I am not sure If am using write terminology or asking my question in a right way. So please do not judge this post early :-). I have a list of Copy Number Variations (CNVs), and I was curious to know if these regions are in the coding part of genomes (exome regions) and if so, how much my exome data are covering those regions.
To answer my question, I used "DepthOfCoverage" from GATK and ran it using hg19 references; so for one of the regions "chr15 20549990 22285350" (which is also a large one!) I got the following error.

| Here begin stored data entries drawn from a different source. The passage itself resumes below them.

(* Let $k$ be a non-negative integer. Suppose that $\ell(n)\le 2kn+n-k^2-k$ for every positive integer $n$. Then for every positive integer $n$, every Latin square of order $n$ has a partial transversal of length $n-k$.
   Context: An array of order $n$ is an $n\times n$ array with a symbol in each cell; an entry is a triple $(i,j,A_{ij})$ where $A_{ij}$ is the symbol in cell $(i,j)$. A partial transversal of length $k$ is a set of $k$ entries, no two of which agree in any of their three coordinates (row, column, symbol). A transversal of an $n\times n$ array is a partial transversal of length $n$. An array is Latin if no symbol appears more than once in any row or any column; a Latin square of order $n$ is an $n\times n$ Latin array with exactly $n$ distinct symbols. For each positive integer $n$, $\ell(n)$ denotes the least positive integer such that $\ell(n)\ge n$ and every $n\times n$ Latin array with at least $\ell(n)$ distinct symbols contains a transversal. *)

From HB Require Import structures.
From mathcomp Require Import all_boot all_order all_algebra.
Set Implicit Arguments. Unset Strict Implicit. Unset Printing Implicit Defensive.

(* An array of order n: cell (i,j) holds symbol A i j; symbols are naturals
   (any countable supply of symbols is w.l.o.g. since at most n^2 occur). *)
Definition array (n : nat) := 'I_n -> 'I_n -> nat.

Definition symbols n (A : array n) : seq nat :=
  undup [seq A i j | i <- enum 'I_n, j <- enum 'I_n].

Definition nsymbols n (A : array n) : nat := size (symbols A).

Definition is_latin n (A : array n) : Prop :=
  (forall i j j', A i j = A i j' -> j = j') /\
  (forall i i' j, A i j = A i' j -> i = i').

Definition latin_square n (A : array n) : Prop :=
  is_latin A /\ nsymbols A = n.

(* A set of entries, represented by their cells (the entry of cell (i,j) is
   (i,j,A i j)); no two distinct entries agree in row, column, or symbol. *)
Definition partial_transversal n (A : array n) (S : {set 'I_n * 'I_n}) : Prop :=
  forall e f, e \in S -> f \in S -> e != f ->
    [/\ e.1 != f.1, e.2 != f.2 & A e.1 e.2 != A f.1 f.2].

Definition has_partial_transversal n (A : array n) (len : nat) : Prop :=
  exists S : {set 'I_n * 'I_n}, #|S| = len /\ partial_transversal A S.

Definition has_transversal n (A : array n) : Prop :=
  has_partial_transversal A n.

Definition ell_cond (n m : nat) : Prop :=
  n <= m /\ forall A : array n, is_latin A -> m <= nsymbols A -> has_transversal A.

Definition is_ell (n l : nat) : Prop :=
  0 < l /\ ell_cond n l /\ forall m, 0 < m -> ell_cond n m -> l <= m.

From HB Require Import structures.
From mathcomp Require Import all_boot all_order all_algebra.
From mathcomp Require Import zify.
From Stdlib Require Import Classical Wf_nat.
Import GRing.Theory Num.Theory.

Set Implicit Arguments.
Unset Strict Implicit.
Unset Printing Implicit Defensive.

(* Pad a Latin square A of order n to a Latin array of order n + k by giving
   every new cell its own fresh symbol.  The padded array has
   n + (n + k)^2 - n^2 = n + 2kn + k^2 symbols, which by hypothesis is at least
   l(n + k), so it has a transversal.  At most k of its entries lie in the k new
   rows and at most k in the k new columns, so at least n - k of them lie in the
   copy of A and form a partial transversal of A. *)

Lemma ex_subset_card (T : finType) (S : {set T}) m :
  m <= #|S| -> exists2 S' : {set T}, S' \subset S & #|S'| = m.
Proof.
move=> le_mS; exists [set x in take m (enum S)].
  by apply/subsetP => x; rewrite inE => /mem_take; rewrite mem_enum.
by rewrite cardsE (card_uniqP _) ?take_uniq ?enum_uniq // size_takel // -cardE.
Qed.

Lemma card_in_preimset_leq (T T' : finType) (f : T -> T') (S : {set T}) (D : {set T'}) :
  {in S &, injective f} -> #|[set x in S | f x \in D]| <= #|D|.
Proof.
move=> f_inj; have f_inj' : {in [set x in S | f x \in D] &, injective f}.
  by move=> x y; rewrite !inE => /andP [xS _] /andP [yS _]; exact: f_inj.
rewrite -(card_in_imset f_inj'); apply/subset_leq_card/subsetP => y /imsetP [x].
by rewrite inE => /andP [_ fxD] ->.
Qed.

Lemma partial_transversal_subset n (A : array n) (S S' : {set 'I_n * 'I_n}) :
  S' \subset S -> partial_transversal A S -> partial_transversal A S'.
Proof. by move=> /subsetP sub PT e f /sub eS /sub fS; exact: PT. Qed.

Lemma has_partial_transversal_leq n (A : array n) m len :
  m <= len -> has_partial_transversal A len -> has_partial_transversal A m.
Proof.
move=> le_m [S [cardS PT]]; rewrite -cardS in le_m.
have [S' sub cardS'] := ex_subset_card le_m.
by exists S'; split=> //; exact: partial_transversal_subset PT.
Qed.

Lemma partial_transversal_fst_inj n (A : array n) S :
  partial_transversal A S -> {in S &, injective fst}.
Proof.
move=> PT e f eS fS Eef; apply/eqP; apply: contraT => ne.
by have [] := PT e f eS fS ne; rewrite Eef eqxx.
Qed.

Lemma partial_transversal_snd_inj n (A : array n) S :
  partial_transversal A S -> {in S &, injective snd}.
Proof.
move=> PT e f eS fS Eef; apply/eqP; apply: contraT => ne.
by have [_ ] := PT e f eS fS ne; rewrite Eef eqxx.
Qed.

Section TopLeftBlock.

Variables n k : nat.

Definition block_cell (c : 'I_n * 'I_n) : 'I_(n + k) * 'I_(n + k) :=
  (lshift k c.1, lshift k c.2).

Definition top_left_block := block_cell @: setT.

Definition outer_indices := [set rshift n j | j : 'I_k].

Lemma block_cell_inj : injective block_cell.
Proof. by move=> [a b] [c d] [/val_inj -> /val_inj ->]. Qed.

Lemma card_outer_indices : #|outer_indices| = k.
Proof. by rewrite card_imset ?card_ord //; exact: rshift_inj. Qed.

Lemma notin_top_left_block c :
  c \notin top_left_block -> (c.1 \in outer_indices) || (c.2 \in outer_indices).
Proof.
case: c => i j; apply: contraR; rewrite negb_or /=.
case: (split_ordP i) => [a ->|a ->]; last by rewrite imset_f.
case: (split_ordP j) => [b ->|b ->]; last by rewrite imset_f ?andbF.
by move=> _; apply/imsetP; exists (a, b).
Qed.

Lemma card_preimset_block_cell (T : {set 'I_(n + k) * 'I_(n + k)}) :
  #|block_cell @^-1: T| = #|T :&: top_left_block|.
Proof.
rewrite -(card_imset _ block_cell_inj); apply: eq_card => c.
rewrite !inE; apply/imsetP/andP => [[d] | [cT /imsetP [d _ Ecd]]].
  by rewrite inE => dT ->; rewrite imset_f.
by exists d; rewrite // inE -Ecd.
Qed.

Lemma card_partial_transversal_top_left (B : array (n + k))
    (T : {set 'I_(n + k) * 'I_(n + k)}) :
  partial_transversal B T -> #|T| <= #|T :&: top_left_block| + k + k.
Proof.
move=> PT.
pose outer_rows := [set c in T | c.1 \in outer_indices].
pose outer_cols := [set c in T | c.2 \in outer_indices].
have sub : T \subset (T :&: top_left_block) :|: outer_rows :|: outer_cols.
  apply/subsetP => c cT; rewrite !inE cT /=.
  by case: (boolP (c \in top_left_block)) => // /notin_top_left_block.
have := card_in_preimset_leq outer_indices (partial_transversal_fst_inj PT).
have := card_in_preimset_leq outer_indices (partial_transversal_snd_inj PT).
rewrite card_outer_indices => cols_le rows_le.
apply: leq_trans (subset_leq_card sub) _.
apply: leq_trans (leq_card_setU _ _) _; rewrite leq_add //.
by apply: leq_trans (leq_card_setU _ _) _; rewrite leq_add.
Qed.

Lemma partial_transversal_block_cell (A : array n) (B : array (n + k))
    (T : {set 'I_(n + k) * 'I_(n + k)}) :
  (forall i j, B (lshift k i) (lshift k j) = A i j) ->
  partial_transversal B T -> partial_transversal A (block_cell @^-1: T).
Proof.
move=> BA PT e f; rewrite !inE => eT fT ne.
have ne' : block_cell e != block_cell f by rewrite (inj_eq block_cell_inj).
have [ne1 ne2 ne3] := PT _ _ eT fT ne'.
split; [exact: contra ne1 => /eqP /= -> | exact: contra ne2 => /eqP /= -> |].
by rewrite /= !BA in ne3.
Qed.

Lemma has_partial_transversal_top_left (A : array n) (B : array (n + k)) :
  (forall i j, B (lshift k i) (lshift k j) = A i j) ->
  has_transversal B -> has_partial_transversal A (n - k).
Proof.
move=> BA [T [cardT PT]].
apply: (has_partial_transversal_leq (len := #|block_cell @^-1: T|)).
  by have := card_partial_transversal_top_left PT; rewrite card_preimset_block_cell; lia.
by exists (block_cell @^-1: T); split=> //; exact: partial_transversal_block_cell PT.
Qed.

End TopLeftBlock.

Section Padding.

Variables (n k : nat) (A : array n).

Definition fresh_base := (\max_(c : 'I_n * 'I_n) A c.1 c.2).+1.

Definition pad_array : array (n + k) := fun i j =>
  match split i, split j with
  | inl a, inl b => A a b
  | _, _ => fresh_base + enum_rank (i, j)
  end.

Lemma lt_fresh_base a b : A a b < fresh_base.
Proof. by rewrite ltnS (leq_bigmax (F := fun c : 'I_n * 'I_n => A c.1 c.2) (a, b)). Qed.

Lemma pad_array_lshift a b : pad_array (lshift k a) (lshift k b) = A a b.
Proof.
have split_lshift (c : 'I_n) : split (lshift k c) = inl c := unsplitK (inl c).
by rewrite /pad_array !split_lshift.
Qed.

Lemma pad_array_cases i j :
  (exists a b, [/\ i = lshift k a, j = lshift k b & pad_array i j = A a b])
  \/ pad_array i j = fresh_base + enum_rank (i, j).
Proof.
rewrite /pad_array; case: (split_ordP i) => a Ei; last by right.
by case: (split_ordP j) => b Ej; [left; exists a, b | right].
Qed.

Lemma pad_array_eq i j i' j' : pad_array i j = pad_array i' j' ->
  (i, j) = (i', j') \/ exists a b a' b',
    [/\ i = lshift k a, j = lshift k b, i' = lshift k a', j' = lshift k b'
      & A a b = A a' b'].
Proof.
case: (pad_array_cases i j) => [[a [b [-> -> ->]]]|->];
case: (pad_array_cases i' j') => [[a' [b' [-> -> ->]]]|->].
- by right; exists a, b, a', b'.
- by have := lt_fresh_base a b; lia.
- by have := lt_fresh_base a' b'; lia.
- by move=> /addnI /ord_inj /enum_rank_inj; left.
Qed.

Lemma pad_array_latin : is_latin A -> is_latin pad_array.
Proof.
move=> [latin_rows latin_cols]; split.
- move=> i j j' /pad_array_eq [[]//|[a [b [a' [b' [-> -> /lshift_inj <- -> Eab]]]]]].
  by rewrite (latin_rows _ _ _ Eab).
- move=> i i' j /pad_array_eq [[]//|[a [b [a' [b' [-> -> -> /lshift_inj <- Eab]]]]]].
  by rewrite (latin_cols _ _ _ Eab).
Qed.

Lemma nsymbols_pad_array :
  nsymbols A + ((n + k) * (n + k) - n * n) <= nsymbols pad_array.
Proof.
pose outer := ~: top_left_block n k.
have card_outer : #|outer| = (n + k) * (n + k) - n * n.
  rewrite cardsCs setCK card_imset ?cardsT ?card_prod ?card_ord //.
  exact: block_cell_inj.
have pad_outer c : c \in outer -> pad_array c.1 c.2 = fresh_base + enum_rank c.
  case: c => i j; rewrite inE; case: (pad_array_cases i j) => [[a [b [-> -> _]]]|//].
  by rewrite /top_left_block (imset_f (@block_cell n k) (in_setT (a, b))).
pose syms := symbols A ++ [seq fresh_base + enum_rank c | c <- enum outer].
have uniq_syms : uniq syms.
  rewrite cat_uniq undup_uniq /=; apply/andP; split.
    apply/hasPn => _ /mapP [c _ ->]; rewrite mem_undup; apply/negP.
    by case/allpairsP => [[a b] [_ _ /= Ec]]; have := lt_fresh_base a b; lia.
  rewrite map_inj_uniq ?enum_uniq // => c d /addnI /ord_inj; exact: enum_rank_inj.
have sub_syms : {subset syms <= symbols pad_array}.
  move=> x; rewrite mem_cat mem_undup => /orP [/allpairsP [[a b] [_ _ ->]]|].
    by rewrite mem_undup -pad_array_lshift allpairs_f ?mem_enum.
  case/mapP => c; rewrite mem_enum => c_outer ->.
  by rewrite -pad_outer // mem_undup allpairs_f ?mem_enum.
have := uniq_leq_size uniq_syms sub_syms.
by rewrite size_cat size_map -cardE card_outer.
Qed.

End Padding.

Lemma ell_exists n : exists l, is_ell n l.
Proof.
pose P m := 0 < m /\ ell_cond n m.
(* An array of order n has at most n^2 symbols, so (n^2).+1 satisfies
   ell_cond vacuously. *)
have P_square : P (n * n).+1.
  split=> //; split; first nia.
  move=> A _; rewrite /nsymbols /symbols ltnNge.
  by rewrite (leq_trans (size_undup _)) // size_allpairs size_enum_ord.
have [|l [[[l_gt0 ell_l] l_least] _]] :=
  dec_inh_nat_subset_has_unique_least_element P (fun m => classic (P m)).
  by exists (n * n).+1.
by exists l; split=> //; split=> // m m_gt0 ell_m; apply/leP/l_least.
Qed.

Theorem proposition1 (k : nat) :
  (forall n l : nat, 0 < n -> is_ell n l ->
     (l%:Z <= (2 * k * n + n)%:Z - (k ^ 2)%:Z - k%:Z)%R) ->
  forall n : nat, 0 < n ->
  forall A : array n, latin_square A -> has_partial_transversal A (n - k).
Proof.
move=> ell_bound n n_gt0 A [latA nsymbolsA].
have [l ell_l] := ell_exists (n + k).
have := ell_bound _ _ (ltn_addr k n_gt0) ell_l.
case: ell_l => _ [[_ transversal_from_symbols] _] l_le.
apply: (has_partial_transversal_top_left (pad_array_lshift k A)).
apply: transversal_from_symbols; first exact: pad_array_latin.
apply: leq_trans (nsymbols_pad_array k A); rewrite nsymbolsA; lia.
Qed.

##### ERROR MESSAGE: Badly formed genome loc: Contig 16 given as location, but this contig isn't present in the Fasta sequence dictionary
my interpretation for the error is that, this region is not entirely in an exome ... 1) is my interpretation that correct ? 2) is there any other way to answer my initial question ?! (how much my exome data are covering those CNVs?
Thank you
My interpretation is that you are using an input file that contains the term "Contig 16" and that term is not found in the reference genome. Try searching the Web using part of your error message "this contig isn't present in the Fasta sequence dictionary" - it's a common issue.
actually the error means "this region doesn't exist in the reference file". so, does it mean the CNV is corrupted ?! or the reference does not contain the non-coding region ?!
Assuming that GATK is the right tool, can you give the entire command that you used?
If you just want to see if your CNVs overlap genes, then you can get a list of genes from UCSC (http://hgdownload.cse.ucsc.edu/downloads.html) and then use bedtools to look at the overlap.
I want to see if my CNVs overlap coding regions not any specific gene.